The vogue for the surreal and the fantastic was also present in sculptural form as you can see by these full length skull headed figures (above right). Very well done though, in a appalling way. Much more interesting to me is the Minotaur (above, above right) who is either setting off in a sprint or stumbling to the ground. It is bronze and is the work of Cesar Orrico. Above left we have James Kennedy's Transpositions, using the intriguingly named process of Intaglio (which is a printing process). It is a series of intersecting geometric shapes giving the appearance of buildings or a cityscape from above. I like it. Agnes Martin is one of my inspirations so I have a soft spot for work that echoes her style particularly when it is done well. The artist is called Eleanor Wood and I do like her squares of colour. Its made of soot! And water. Nigel Bird's Horizon (above left) delivers on its title in a novel way. That solid thick layer of black like the mantel of the earth, and the drifting lines above it that could be smoke (which is what the medium makes you think), but also could be fog bound trees. The framing of the piece is interesting but I think it work even better with white above, as well as below the image. Completely different, and vastly more expensive at a cool £35,000 is David Donaldson's Young Dancer (above right). Technically superb with the rendering of the dress and the central figure. What particularly draws me to this the sass of the pose and the slightly strange, chubby face. Its almost like she is puffing out her cheeks, or holding in a draft from the cigarette. It has what I like about portraiture, there is an actual person there.
Carla Kranendonk, a very close contender for most excellent name in the show changes both subject and style for us completely with her joyous portrait Fifi (above left). It is riot of colour with the figure almost lost in the patterned background. You also have those nice 3d touches with the button on the bag and the flowers, coming out and enhancing what is otherwise a flat perspective piece. I like her pose to, and despite the simplicity of the depiction of the person you still get a sense of personality there. Minotaur! Full sized bronze sculpture, tackle out, but it is of course the bookish pose that really makes this superb sculpture. Its a nice contrast subject and positioning. Sadly I completely neglected to find out who this was by. If you are reading this blog on Sunday 21st and you live anywhere near Angel then you could maybe scamper along and find out for yourself and who know, if you have the no doubt tens of thousands necessary, this magnificent creature could be yours.
Fang Jun (above left) gives us a fairly traditional misty brown mountainscape. I like these. They very much invite me into the picture to be part of the world and the technique of hiding the landscape in clouds or fog is one that really appeals to me. Craggyness of the mountains is always a must. There are many of these types of paintings around but this was the only one in this show. Nice isn't it? Glass. I do like some glass. The work of Akido Noda is something that has attracted me before and would be purchased would it not be for the fact that you know, I need to eat and heat my house etc. This year there was a frankly lovely installation of pieces of coloured glass called With the Passage of time (above). They are delicate whispy things like clouds or islands on a violent see. They are lovely and I would wish to have them. Sadly they start at £3800 (for the one on the left) and go up from there.

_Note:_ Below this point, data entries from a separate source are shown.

(* Let $(R,d)$ be a fusion algebra whose set $I$ of irreducible objects is infinite, and let $X\subseteq I$ be a finite generating set. Then the limits $\lim_{n\to\infty}\sqrt[n]{|B_X(n)|}$ and $\lim_{n\to\infty}\sqrt[n]{|S_X(n)|}$ exist and belong to $[1,\infty)$.
   Context: A fusion algebra $(R,d)$ consists of a set $I$ with distinguished $e$ and involution $\alpha\mapsto\bar\alpha$, a unital ring structure on $R=\mathbb{Z}[I]$ with unit $e$ and $\xi\eta=\sum_\alpha N^\alpha_{\xi,\eta}\alpha$, $N^\alpha_{\xi,\eta}\in\mathbb{Z}_{\ge0}$ finitely many nonzero, the involution extending to a $\mathbb{Z}$-linear antimultiplicative involution, Frobenius reciprocity $N^\alpha_{\xi,\eta}=N^\xi_{\alpha,\bar\eta}=N^\eta_{\bar\xi,\alpha}$, and $\mathbb{Z}$-linear multiplicative $d:R\to\mathbb{R}$ with $d(\bar\alpha)=d(\alpha)\ge1$ on $I$. Write $\alpha\subseteq r$ if $\alpha$ has nonzero coefficient in $r$. $|A|=\sum_{\alpha\in A}d(\alpha)^2$. A finite generating set is a finite $X\subseteq I$ with $\bar X=X$ such that every $\alpha\in I$ satisfies $\alpha\subseteq x_1\cdots x_n$ for some $x_i\in X$. $\ell_X(e)=0$, otherwise $\ell_X(\alpha)=\min\{n\ge1:\exists x_1,\dots,x_n\in X,\ \alpha\subseteq x_1\cdots x_n\}$; $B_X(n)=\{\alpha:\ell_X(\alpha)\le n\}$, $S_X(n)=\{\alpha:\ell_X(\alpha)=n\}$. *)

From HB Require Import structures.
From mathcomp Require Import all_boot all_order all_algebra.
From mathcomp Require Import all_classical all_reals all_analysis.
Set Implicit Arguments. Unset Strict Implicit. Unset Printing Implicit Defensive.
Import Order.TTheory GRing.Theory Num.Theory.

Also I suspect that just one would look lonely and you would have to Pokemon them (got to catch them all for those over the age of, actually scratch that because a few months ago I was behind an elderly woman in the cue at the RA who was playing Pokemon on her phone while we waited).
The shifts of shading within the pieces given them a feeling of depth and draw you in. At £900 they are also the more affordable end of the show. I really like these.
Frankly it looks like people pissing in the river and I wonder if that in fact what it is by the artist, or maybe the gallery had a fit of embarrassment and changed the name. I do like an abstracted landscape though. I like the darkness of the mirror with the splash lines scratched into it and the violent red, pouring into the river. Then there are those odd patches of grey and yellow. It is interesting to speculate on what those are. Little Islands? Bunches of bulrushes?
More restrained and cubist is Paul Feiler's the Green House Oxford (above right). Here there are more recognisable elements, such as a chair and a door, distorted in interesting and colourful ways to make for a fine composition.
David Shrigley's My Rampage is Over (above left) is genuinely funny. I laughed when I saw it and that has been the reaction of everyone I have show it to. If you don't at least smile then you are a monster. It still makes me smile. Simple but effective the humour is done in the juxtaposition of the style and pose of the elephant with the words. Very well done.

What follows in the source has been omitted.